## THE TASK
In your reply, write out each entry exactly as given.

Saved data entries
>>>
(* Let $S$ be a finite $p$-group and $\mathcal{A}$ a bifree $S$-algebra with $(S,S)$-invariant $\mathcal{O}$-basis $Y$. Let $P\le S$ and let $\varphi:P\to S$ be an injective group homomorphism such that $\mathcal{A}^\times\cap{}^\varphi\mathcal{A}^P\neq\emptyset$. Then ${}^\varphi_PY_S\cong{}_PY_S$ as $(P,S)$-bisets.
   Context: $\mathcal{O}$ is a complete local noetherian domain with algebraically closed residue field of characteristic $p$. An interior $S$-algebra is an $\mathcal{O}$-free finite-rank $\mathcal{O}$-algebra $\mathcal{A}$ with a group homomorphism $S\to\mathcal{A}^\times$. It is bifree if it has an $\mathcal{O}$-basis $Y$ with $sY=Y=Ys$ for all $s\in S$ (an $(S,S)$-invariant basis, hence an $(S,S)$-biset) on which the left and right $S$-actions are free. ${}^\varphi\mathcal{A}^P=\{a\in\mathcal{A}:\varphi(p)a=ap\ \forall p\in P\}$. ${}_PY_S$ is $Y$ with left action restricted to $P$; ${}^\varphi_PY_S$ is $Y$ with $(P,S)$-action $p\odot y\odot s=\varphi(p)ys$. *)

From HB Require Import structures.
From mathcomp Require Import all_boot all_order all_algebra all_fingroup all_solvable.
Set Implicit Arguments. Unset Strict Implicit. Unset Printing Implicit Defensive.
Import GRing.Theory.
Local Open Scope ring_scope.

Section Ring.
Variable R : comUnitRingType.

Definition is_ideal (I : R -> Prop) :=
  [/\ I 0, (forall x y, I x -> I y -> I (x - y)) & (forall r x, I x -> I (r * x))].

(* local ring: the non-units form an ideal (which is then the unique maximal ideal) *)
Definition max_ideal : R -> Prop := fun x => x \isn't a GRing.unit.
Definition is_local := is_ideal max_ideal.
<<<
## ANSWER SPACE
(* Let $S$ be a finite $p$-group and $\mathcal{A}$ a bifree $S$-algebra with $(S,S)$-invariant $\mathcal{O}$-basis $Y$. Let $P\le S$ and let $\varphi:P\to S$ be an injective group homomorphism such that $\mathcal{A}^\times\cap{}^\varphi\mathcal{A}^P\neq\emptyset$. Then ${}^\varphi_PY_S\cong{}_PY_S$ as $(P,S)$-bisets.
   Context: $\mathcal{O}$ is a complete local noetherian domain with algebraically closed residue field of characteristic $p$. An interior $S$-algebra is an $\mathcal{O}$-free finite-rank $\mathcal{O}$-algebra $\mathcal{A}$ with a group homomorphism $S\to\mathcal{A}^\times$. It is bifree if it has an $\mathcal{O}$-basis $Y$ with $sY=Y=Ys$ for all $s\in S$ (an $(S,S)$-invariant basis, hence an $(S,S)$-biset) on which the left and right $S$-actions are free. ${}^\varphi\mathcal{A}^P=\{a\in\mathcal{A}:\varphi(p)a=ap\ \forall p\in P\}$. ${}_PY_S$ is $Y$ with left action restricted to $P$; ${}^\varphi_PY_S$ is $Y$ with $(P,S)$-action $p\odot y\odot s=\varphi(p)ys$. *)

From HB Require Import structures.
From mathcomp Require Import all_boot all_order all_algebra all_fingroup all_solvable.
Set Implicit Arguments. Unset Strict Implicit. Unset Printing Implicit Defensive.
Import GRing.Theory.
Local Open Scope ring_scope.

Section Ring.
Variable R : comUnitRingType.

Definition is_ideal (I : R -> Prop) :=
  [/\ I 0, (forall x y, I x -> I y -> I (x - y)) & (forall r x, I x -> I (r * x))].

(* local ring: the non-units form an ideal (which is then the unique maximal ideal) *)
Definition max_ideal : R -> Prop := fun x => x \isn't a GRing.unit.
Definition is_local := is_ideal max_ideal.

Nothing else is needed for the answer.